TRY IT> Taking the line with "exact: Ncount_nat." as the first and the line with "(bit c m.-1 = false" as the last, set down exactly every line in that range from the entries below, and no more.

START TASK MATERIAL

(* Let $x \geq 1$ and $m \geq 2$ be integers. Let $\mathcal{C}_{m,x}$ be the set of binary words of length $m$ containing no pattern from $\mathcal{T}_x = \{0\mathbf{1}^y0,\ 1\mathbf{0}^y1 : 1\le y\le x\}$ as a contiguous substring, listed in increasing lexicographic order, and for $\mathbf{c} = [c_{m-1}\, c_{m-2} \dots c_0] \in \mathcal{C}_{m,x}$ (with $c_{m-1}$ the leftmost bit) let $g(\mathbf{c}) \in \{0,\dots,|\mathcal{C}_{m,x}|-1\}$ be its position in this list. Let $N(k,x) = |\mathcal{C}_{k,x}|$ for $k\ge 1$ and $N(k,x) \triangleq 2$ for all integers $k \le 1$. Then: if $c_{m-1}=0$, $$g(\mathbf{c}) = \frac12 \sum_{\substack{0\le i\le m-2\\ c_i=1}} N(i-x+1,x);$$ if $c_{m-1}=1$, $$g(\mathbf{c}) = \frac12\Big[N(m,x) + \sum_{\substack{0\le i\le m-2\\ c_i=1}} N(i-x+1,x)\Big].$$
   Context: $\mathbf{0}^r$ (resp. $\mathbf{1}^r$) denotes a run of $r$ consecutive $0$'s (resp. $1$'s). Lexicographic order on binary words of a fixed length is the order as binary numbers with the leftmost bit most significant; positions are counted from $0$. *)

From mathcomp Require Import all_boot all_order all_algebra.
Set Implicit Arguments. Unset Strict Implicit. Unset Printing Implicit Defensive.
Import Order.TTheory GRing.Theory Num.Theory.

(* Binary words are written left to right as sequences of bools
   (false = 0, true = 1); a word of length m is [c_{m-1} ... c_0]. *)

Definition pat01 (y : nat) : seq bool := false :: rcons (nseq y true) false.
Definition pat10 (y : nat) : seq bool := true :: rcons (nseq y false) true.

Definition avoids (x : nat) (w : seq bool) : bool :=
  [forall y : 'I_x.+1, (0 < y)%N ==>
     ~~ infix (pat01 y) w && ~~ infix (pat10 y) w].

Definition Cset (m x : nat) : {set m.-tuple bool} :=
  [set t : m.-tuple bool | avoids x t].

Definition bval (w : seq bool) : nat := foldl (fun acc (b : bool) => acc.*2 + b) 0 w.

(* position of c in the lexicographic (= numeric) listing of C_{m,x} *)
Definition gpos (m x : nat) (c : m.-tuple bool) : nat :=
  #|[set t in Cset m x | (bval t < bval c)%N]|.

Definition Ncount (k : int) (x : nat) : nat :=
  if (k <= 1)%R then 2 else #|Cset `|k|%N x|.

Definition bit (m : nat) (c : m.-tuple bool) (i : nat) : bool :=
  nth false c (m.-1 - i).

(* Split the admissible words below c = b :: c' according to their first
   letter.  Complementation is a bijection of C_{k,x}, so each first letter
   accounts for N(k,x)/2 words; this is the contribution when b = 1.  The
   remaining words are b :: u with u admissible, u < c' and b :: u admissible.
   Now b :: u fails to be admissible exactly when u begins with a run of at
   most x letters ~b closed by b, and since c' is not of this form all such u
   lie below c' if its first letter is 1 and above it otherwise.  Among the
   admissible words of length k beginning with ~b, those whose leading run is
   longer than x are in bijection with the admissible words of length k - x
   beginning with ~b (shorten the run), so N(k,x)/2 - N(k-x,x)/2 words u are
   excluded, and induction on the length gives the formula. *)

From mathcomp Require Import all_boot all_order all_algebra.
From mathcomp Require Import zify.
Set Implicit Arguments. Unset Strict Implicit. Unset Printing Implicit Defensive.

Lemma count_andb_split T (P Q : pred T) s :
  count (fun t => P t && Q t) s + count (fun t => P t && ~~ Q t) s = count P s.
Proof. by elim: s => //= t s <-; case: (P t); case: (Q t) => /=; lia. Qed.

Lemma count_andb_const T (P : pred T) (c : bool) s :
  count (fun t => P t && c) s = c * count P s.
Proof.
case: c; rewrite ?mul1n ?mul0n; first by apply: eq_count => t; rewrite andbT.
by rewrite (eq_count (a2 := pred0)) ?count_pred0 // => t; rewrite andbF.
Qed.

Section InjectiveMap.
Variables (T U : eqType) (f : T -> U).
Hypothesis f_inj : injective f.

Lemma prefix_map_inj s1 s2 : prefix (map f s1) (map f s2) = prefix s1 s2.
Proof. by elim: s2 s1 => [|y s2 IHs] [|z s1] //=; rewrite inj_eq // IHs. Qed.

Lemma infix_map_inj s1 s2 : infix (map f s1) (map f s2) = infix s1 s2.
Proof.
elim: s2 => [|y s2 IHs]; first by case: s1.
by rewrite map_cons !infix_consl IHs -map_cons prefix_map_inj.
Qed.

End InjectiveMap.

Fixpoint words (n : nat) : seq (seq bool) :=
  if n is n'.+1 then map (cons false) (words n') ++ map (cons true) (words n')
  else [:: [::]].

Lemma mem_words n w : (w \in words n) = (size w == n).
Proof.
have mem_cons b h v W : (h :: v \in map (cons b) W) = (h == b) && (v \in W).
  by apply/mapP/andP => [[u u_W [-> ->]] | [/eqP -> v_W]]; last exists v.
elim: n w => [|n IHn] [|h w] //=.
  by rewrite mem_cat; apply/norP; split; apply/mapP => -[].
by rewrite mem_cat !mem_cons IHn eqSS; case: h; rewrite ?orbF.
Qed.

Lemma uniq_words n : uniq (words n).
Proof.
elim: n => //= n IHn; rewrite cat_uniq !map_inj_uniq //=; try by move=> u v [].
by rewrite IHn andbT; apply/hasPn => _ /mapP [u _ ->]; apply/mapP => -[].
Qed.

Lemma count_wordsS (P : pred (seq bool)) n b :
  count P (words n.+1) =
  count (fun u => P (b :: u)) (words n) + count (fun u => P (~~ b :: u)) (words n).
Proof. by rewrite count_cat !count_map; case: b => //; rewrite addnC. Qed.

Lemma card_tuples_count n (A : {set n.-tuple bool}) (P : pred (seq bool)) :
  (forall t, (t \in A) = P t) -> #|A| = count P (words n).
Proof.
move=> memA; rewrite cardE /enum_mem size_filter -enumT (eq_count memA) -count_map.
apply/permP/uniq_perm; rewrite ?uniq_words ?(map_inj_uniq val_inj) ?enum_uniq //.
move=> w; rewrite mem_words; apply/mapP/eqP => [[t _ ->] | w_n]; first exact: size_tuple.
by exists (Tuple (introT eqP w_n)); rewrite ?mem_enum.
Qed.

Lemma count_words_negb (P : pred (seq bool)) n :
  count (fun u => P (map negb u)) (words n) = count P (words n).
Proof.
elim: n P => // n IHn P.
rewrite (count_wordsS _ _ false) (count_wordsS P _ true) /=.
by rewrite (IHn (fun v => P (true :: v))) (IHn (fun v => P (false :: v))) addnC.
Qed.

Lemma bval_cons (h : bool) w : bval (h :: w) = h * 2 ^ size w + bval w.
Proof.
have foldl_acc acc v :
    foldl (fun acc (b : bool) => acc.*2 + b) acc v = acc * 2 ^ size v + bval v.
  rewrite /bval; elim: v acc => [|b v IHv] acc /=; first by rewrite muln1 addn0.
  by rewrite IHv [in RHS]IHv expnS -!muln2; case: b => /=; lia.
by rewrite /bval /= foldl_acc.
Qed.

Lemma bval_lt w : bval w < 2 ^ size w.
Proof. by elim: w => //= h w IHw; rewrite bval_cons expnS; case: h => /=; lia. Qed.

Lemma ltn_bval_cons (h h' : bool) w w' : size w = size w' ->
  (bval (h :: w) < bval (h' :: w')) = (h < h') || (h == h') && (bval w < bval w').
Proof.
move=> eq_size; rewrite !bval_cons eq_size.
have := bval_lt w; have := bval_lt w'; rewrite eq_size.
by case: h; case: h' => /=; lia.
Qed.

Definition short_lead (b : bool) (k : nat) (w : seq bool) : bool :=
  has (fun y => prefix (rcons (nseq y (~~ b)) b) w) (iota 0 k).

(* [b :: w] begins with a pattern [b (~~ b)^y b] of T_x, [1 <= y <= x]. *)
Definition starts_forbidden (x : nat) (b : bool) (w : seq bool) : bool :=
  if w is h :: u then (h == ~~ b) && short_lead b x u else false.

Lemma short_lead_nil b k : short_lead b k [::] = false.
Proof.
by apply/hasPn => y _; rewrite prefixs0 -size_eq0 size_rcons.
Qed.

Lemma short_lead_cons b k h u :
  short_lead b k.+1 (h :: u) = (h == b) || short_lead b k u.
Proof.
rewrite /short_lead /= -add1n iotaDl has_map prefix0s andbT eq_sym.
case: eqP => [//| /eqP h_b] /=; have -> : h = ~~ b by case: b h h_b => -[].
by apply: eq_has => y; rewrite /= eqxx.
Qed.

Lemma avoidsE x w :
  avoids x w = all (fun y => ~~ infix (pat01 y) w && ~~ infix (pat10 y) w) (iota 1 x).
Proof.
apply/forallP/allP => avoid_w y.
  rewrite mem_iota add1n => /andP [y_gt0 y_le].
  by have /implyP := avoid_w (Ordinal (y_le : y < x.+1)); apply.
by apply/implyP => y_gt0; apply: avoid_w; rewrite mem_iota y_gt0 add1n ltn_ord.
Qed.

Lemma avoids_cons x b w : avoids x (b :: w) = avoids x w && ~~ starts_forbidden x b w.
Proof.
have infix_pats y : ~~ infix (pat01 y) (b :: w) && ~~ infix (pat10 y) (b :: w) =
    (~~ infix (pat01 y) w && ~~ infix (pat10 y) w) && ~~ prefix (rcons (nseq y (~~ b)) b) w.
  rewrite !infix_consl !negb_or andbACA andbC; congr andb.
  by case: b; rewrite /= ?andbT.
have -> : starts_forbidden x b w =
           has (fun y => prefix (rcons (nseq y (~~ b)) b) w) (iota 1 x).
  case: w {infix_pats} => [|h u]; rewrite /starts_forbidden.
    by apply/esym/hasPn => y _; rewrite prefixs0 -size_eq0 size_rcons.
  rewrite -add1n iotaDl has_map; case: eqP => [-> | /eqP h_b] /=.
    by apply: eq_has => y; rewrite /= eqxx.
  by apply/esym/hasPn => y _ /=; rewrite eq_sym (negbTE h_b).
by rewrite !avoidsE -all_predC -all_predI; apply: eq_all => y; apply: infix_pats.
Qed.

Lemma avoids_nil x : avoids x [::].
Proof. by rewrite avoidsE; apply/allP. Qed.

Lemma avoids_cons2 x b w : avoids x (b :: b :: w) = avoids x (b :: w).
Proof. by rewrite [LHS]avoids_cons /=; case: b; rewrite andbT. Qed.

Lemma avoids_negb x w : avoids x (map negb w) = avoids x w.
Proof.
have negb_inj : injective negb by exact: can_inj negbK.
rewrite !avoidsE; apply: eq_all => y.
have neg_pat01 : map negb (pat01 y) = pat10 y by rewrite /= map_rcons map_nseq.
have neg_pat10 : map negb (pat10 y) = pat01 y by rewrite /= map_rcons map_nseq.
rewrite -[in RHS](infix_map_inj negb_inj (pat01 y)).
by rewrite -[in RHS](infix_map_inj negb_inj (pat10 y)) neg_pat01 neg_pat10 andbC.
Qed.

(* Half of N(k,x), by the symmetry 0 <-> 1; for k <= 1 it is 1, matching the
   convention N(k,x) = 2. *)
Definition halfN (x k : nat) : nat := count (fun u => avoids x (false :: u)) (words k.-1).

Lemma count_avoids_cons x b n :
  count (fun u => avoids x (b :: u)) (words n) = halfN x n.+1.
Proof.
case: b => //; rewrite /halfN /= -count_words_negb.
by apply: eq_count => u; rewrite -[RHS]avoids_negb.
Qed.

Lemma halfN_le1 x k : k <= 1 -> halfN x k = 1.
Proof.
by case: k => [|[|]] // _; rewrite /halfN /= avoids_cons avoids_nil.
Qed.

Lemma card_Cset x n : #|Cset n.+1 x| = 2 * halfN x n.+1.
Proof.
rewrite (card_tuples_count (P := avoids x)) => [|t]; last by rewrite inE.
by rewrite (count_wordsS _ _ false) !count_avoids_cons addnn mul2n.
Qed.

Lemma count_long_lead x b k n :
  count (fun u => avoids x (~~ b :: u) && ~~ short_lead b k u) (words n) = halfN x (n.+1 - k).
Proof.
elim: k n => [|k IHk] n.
  by rewrite subn0 -(count_avoids_cons x (~~ b)); apply: eq_count => u; rewrite andbT.
case: n => [|n].
  by rewrite /= short_lead_nil avoids_cons avoids_nil halfN_le1.
have negb_neq : (~~ b == b) = false by case: (b).
rewrite (count_wordsS _ _ b) (eq_count (a2 := pred0)) => [|u]; last first.
  by rewrite short_lead_cons eqxx andbF.
rewrite count_pred0 add0n subSS -IHk; apply: eq_count => u.
by rewrite avoids_cons2 short_lead_cons negb_neq.
Qed.

Lemma count_starts_forbidden x b n :
  count (fun u => avoids x u && starts_forbidden x b u) (words n) + halfN x (n - x) =
  halfN x n.
Proof.
case: n => [|n]; first by rewrite sub0n /= andbF.
rewrite (count_wordsS _ _ b) (eq_count (a2 := pred0)) => [|u]; last first.
  by case: b; rewrite /= andbF.
rewrite count_pred0 add0n -(count_long_lead x b x n) -(count_avoids_cons x (~~ b)).
rewrite -(count_andb_split (fun u => avoids x (~~ b :: u)) (short_lead b x)).
by congr (_ + _); apply: eq_count => u /=; rewrite eqxx.
Qed.

Lemma ltn_bval_short_lead b k t c : size t = size c ->
  short_lead b k t -> ~~ short_lead b k c -> (bval t < bval c) = ~~ b.
Proof.
elim: k t c => [|k IHk] [|h t] [|h' c] //; rewrite ?short_lead_nil // => -[eq_size].
rewrite !short_lead_cons negb_or ltn_bval_cons // => lead_t /andP [h'_b lead_c].
have -> : h' = ~~ b by case: h' h'_b; case: (b).
case: (eqVneq h b) lead_t => [-> _ | h_b /= lead_t]; first by case: (b).
have -> : h = ~~ b by case: h h_b; case: (b).
by rewrite ltnn eqxx IHk.
Qed.

Lemma ltn_bval_starts_forbidden x b t c : size t = size c ->
  starts_forbidden x b t -> ~~ starts_forbidden x b c -> (bval t < bval c) = head false c.
Proof.
case: t c => [|h t] [|h' c] //= [eq_size] /andP [/eqP -> lead_t].
rewrite ltn_bval_cons //; case: (eqVneq h' (~~ b)) => [-> | h'_b].
  by rewrite ltnn /= => lead_c; apply: ltn_bval_short_lead lead_c.
have -> : h' = b by case: h' h'_b; case: (b).
by case: (b).
Qed.

Definition rank (x : nat) (c : seq bool) : nat :=
  count (fun t => avoids x t && (bval t < bval c)) (words (size c)).

Definition seqbit (c : seq bool) (i : nat) : bool := nth false c ((size c).-1 - i).

Definition rank_sum (x : nat) (c : seq bool) : nat :=
  \sum_(0 <= i < (size c).-1 | seqbit c i) halfN x (i.+1 - x).

Lemma rank_cons x b c : rank x (b :: c) =
  b * halfN x (size c).+1 +
  count (fun u => avoids x (b :: u) && (bval u < bval c)) (words (size c)).
Proof.
have lt_cons h u : u \in words (size c) ->
    (bval (h :: u) < bval (b :: c)) = (h < b) || (h == b) && (bval u < bval c).
  by rewrite mem_words => /eqP u_c; rewrite ltn_bval_cons.
rewrite /rank /= (count_wordsS _ _ false) /=.
under eq_in_count => u u_c do rewrite lt_cons //.
under [X in _ + X]eq_in_count => u u_c do rewrite lt_cons //.
by case: b {lt_cons}; rewrite /= count_andb_const ?count_avoids_cons ?mul1n ?mul0n ?addn0.
Qed.

Lemma seqbit_cons b c i : i < size c -> seqbit (b :: c) i = seqbit c i.
Proof.
rewrite /seqbit /=; case: (size c) => // n.
by rewrite ltnS => /subSn ->.
Qed.

Lemma rank_sum_cons x b c :
  rank_sum x (b :: c) = rank_sum x c + head false c * halfN x (size c - x).
Proof.
case: c => [|h c]; first by rewrite /rank_sum !big_geq.
rewrite /rank_sum /= big_mkcond big_nat_recr //= -big_mkcond /=.
have -> : seqbit [:: b, h & c] (size c) = h by rewrite /seqbit /= subSnn.
congr (_ + _); last by case: h; rewrite ?mul1n.
by apply: congr_big_nat => // i /andP [_ lt_i]; rewrite seqbit_cons // ltnS ltnW.
Qed.

Lemma rankE x c : avoids x c -> rank x c = head false c * halfN x (size c) + rank_sum x c.
Proof.
elim: c => [_ | b c IHc]; first by rewrite /rank_sum big_geq //= /rank /= andbF.
rewrite avoids_cons => /andP [avoids_c free_c].
have forbidden_lt :
    count (fun u => (avoids x u && (bval u < bval c)) && starts_forbidden x b u)
      (words (size c)) =
    head false c * count (fun u => avoids x u && starts_forbidden x b u) (words (size c)).
  rewrite -count_andb_const; apply: eq_in_count => u; rewrite mem_words => /eqP u_c.
  case: (boolP (starts_forbidden x b u)) => [forbidden_u | _]; rewrite ?andbF // !andbT.
  by rewrite (ltn_bval_starts_forbidden u_c forbidden_u free_c).
have split_c := count_andb_split (fun u => avoids x u && (bval u < bval c))
  (starts_forbidden x b) (words (size c)).
rewrite forbidden_lt -/(rank x c) IHc // in split_c.
have count_forbidden := count_starts_forbidden x b (size c).
rewrite rank_cons rank_sum_cons /=.
under eq_count => u do rewrite avoids_cons andbAC.
by case: (head false c) split_c => /= split_c; lia.
Qed.

Lemma Ncount_nat x n : Ncount (Posz n) x = 2 * halfN x n.
Proof. by case: n => [|[|n]]; rewrite /Ncount /= ?card_Cset // halfN_le1. Qed.

Lemma Ncount_shift x i : Ncount (Posz i - Posz x + 1)%R x = 2 * halfN x (i.+1 - x).
Proof.
case: (leqP i.+1 x) => [le_i_x | lt_x_i].
  by rewrite /Ncount ifT ?halfN_le1 //; lia.
have -> : (Posz i - Posz x + 1)%R = Posz (i.+1 - x) by lia.
exact: Ncount_nat.
Qed.

Theorem theorem2 (x m : nat) (hx : (1 <= x)%N) (hm : (2 <= m)%N)
  (c : m.-tuple bool) (hc : c \in Cset m x) :
  let S := (\sum_(0 <= i < m.-1 | bit c i) Ncount (Posz i - Posz x + 1)%R x)%N in
  (bit c m.-1 = false -> (2 * gpos x c = S)%N) /\
  (bit c m.-1 = true -> (2 * gpos x c = Ncount (Posz m) x + S)%N).
Proof.
move=> S.
have avoids_c : avoids x c by rewrite inE in hc.
have gposE : gpos x c = rank x c.
  rewrite /gpos /rank size_tuple.
  by apply: card_tuples_count => t; rewrite !inE.
have SE : S = 2 * rank_sum x c.
  rewrite /S /rank_sum size_tuple big_distrr /=.
  by apply: eq_big => [i | i _]; rewrite ?Ncount_shift // /seqbit size_tuple.
have headE : bit c m.-1 = head false c by rewrite /bit subnn; case: (tval c).
rewrite headE gposE rankE // SE size_tuple Ncount_nat.
by case: (head false c); split=> // _; lia.
Qed.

END TASK MATERIAL

PROBLEM SOLUTION>
exact: Ncount_nat.
Qed.

Theorem theorem2 (x m : nat) (hx : (1 <= x)%N) (hm : (2 <= m)%N)
  (c : m.-tuple bool) (hc : c \in Cset m x) :
  let S := (\sum_(0 <= i < m.-1 | bit c i) Ncount (Posz i - Posz x + 1)%R x)%N in
  (bit c m.-1 = false -> (2 * gpos x c = S)%N) /\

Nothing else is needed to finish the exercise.